What seems like a more rational approach is figuring out the middle ground between how we spent April and a full return to society, with everyday things starting to come back in limited ways depending on local conditions. 

But when it comes to sports or other large-scale spectator events, we need to be realistic: There are almost certainly going to have to be significant changes and stringent procedures to do them safely.

And that doesn’t mean just the so-called “bubbles” that people have speculated about this summer for the NBA and MLB seasons — ideas that are, at best, a short-term band-aid and face huge logistical challenges to pull them off. 

More likely is that we’re going to be spending much of this year assessing risk in all areas of life, knowing that the coronavirus isn’t going to be completely gone but all of us doing our best within some well-defined guidelines to not spread it. And that idea will ultimately have to extend to sports, too, because no league can operate in a bubble as a television-only product over the long haul. 

Again, nobody knows exactly what will happen over the next few months. For now, the NFL and college football should proceed as if their seasons will start on time with room to adjust if necessary. But even in the best-case scenario where the virus has receded to a significant degree, it’s hard to envision any football stadium in America this fall being jam-packed with people pushing and shoving their way through concourses and breathing on each other for three hours in seats that barely give people an inch of personal space on either side of them. 

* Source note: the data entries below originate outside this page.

Lemma resolution_gcd1_mod : (t %% #|J|)%N = 1%N.
Proof.
have y_ge0 : 0 <= (2 * t%:R)^-1 :> rat by rewrite invr_ge0 mulr_ge0 ?ler0n.
have [s [c [sS s_smooth s_ge0 c_ge0 p_comb]]] :=
  resolution_cover res (rowJ_orthant ler01 y_ge0).
have gen_ia0 j : 0 < c j -> s`_j 0 ia = 0.
  by move=> cj_gt0; apply: (comb_coord_eq0 s_ge0 c_ge0 p_comb) => //; rewrite rowJ_ia.
have eJ : forall i, i \in J -> delta_mx 0 i \in s.
  apply: (rowJ_cone_units (lambda := t%:R) _ sS s_ge0 c_ge0 p_comb).
  - by rewrite D1.
  - by rewrite invfM mulrCA divff ?mulr1 ?invf_lt1 ?ltr1n // pnatr_eq0 -lt0n.
  move=> j cj_gt0 vib_gt0.
  have [tvZ _ _] := gen_ia0_int sS (mem_nth 0 (ltn_ord j)) (gen_ia0 j cj_gt0).
  by apply: intr_ge1 tvZ _; rewrite mulr_gt0 ?ltr0n.
have [j [cj_gt0 vib_gt0]] : exists j, 0 < c j /\ 0 < s`_j 0 ib.
  by apply: (comb_coord_gt0 s_ge0 c_ge0 p_comb); rewrite rowJ_ib invr_gt0 mulr_gt0 ?ltr0n.
have vs := mem_nth 0 (ltn_ord j); have via := gen_ia0 j cj_gt0.
have tv1 := gen_ia0_tmul_ib sS s_smooth eJ vs via vib_gt0.
have /card_gt0P[i0 i0J] := ltnW J_gt1.
have [_ v_sum] := gen_ia0_coords sS vs via vib_gt0 i0J.
have [_ tvJ _] := gen_ia0_int sS vs via.
have /natrP[N tvN] : t%:R * s`_j 0 i0 \is a Num.nat.
  by rewrite natrEint tvJ // mulr_ge0 ?ler0n ?s_ge0.
have -> : t = (N * #|J|).+1.
  apply/eqP; rewrite -(eqr_nat rat) -natr1 natrM -tvN -[X in _ + X]tv1.
  by rewrite mulrAC -mulrA -mulrDr v_sum mulr1.
by rewrite -addn1 modnMDl modn_small.
Qed.

End GcdOne.

End TwoWeights.

Lemma card_setC2 n (x y : 'I_n) : x != y -> #|~: [set x; y]| = (n - 2)%N.
Proof. by move=> xy; have := cardsC [set x; y]; rewrite cards2 xy card_ord; lia. Qed.

Lemma dvdn_gcdn_sum (x y m : nat) : (gcdn (gcdn x y) (x + y + m) %| m)%N.
Proof.
have dx : (gcdn (gcdn x y) (x + y + m) %| x)%N := dvdn_trans (dvdn_gcdl _ _) (dvdn_gcdl _ _).
have dy : (gcdn (gcdn x y) (x + y + m) %| y)%N := dvdn_trans (dvdn_gcdl _ _) (dvdn_gcdr _ _).
by rewrite -(dvdn_addr m (dvdn_add dx dy)) dvdn_gcdr.
Qed.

Think about that especially in a college football context where a game at Alabama is going to have hundreds of people driving in from cities like Atlanta, Nashville and Memphis in addition to Birmingham and Mobile, making it the kind of “super spreader” event that could increase the risk of new outbreaks in multiple places. 

That’s why the Dolphins should be commended for admitting that they might have to cap attendance at 15,000 and going public with their plan, even if they ultimately don’t need to use parts of it. In fact, every team and league and event needs to start crafting these policies and preparing fans for how watching live sports could be achieved in the new normal.

If you want to come to a game, you have to wear a mask. People are going to be sitting staggered every few seats. You’re going to have to pick up your beer at a specific time. You won’t be able to leave in the middle of the fourth quarter to beat traffic but rather exit when your row is called. These would be big changes, but they’re honest proposals — and much more realistic than the idea of 110,000 people in the stadium for Alabama-LSU this fall.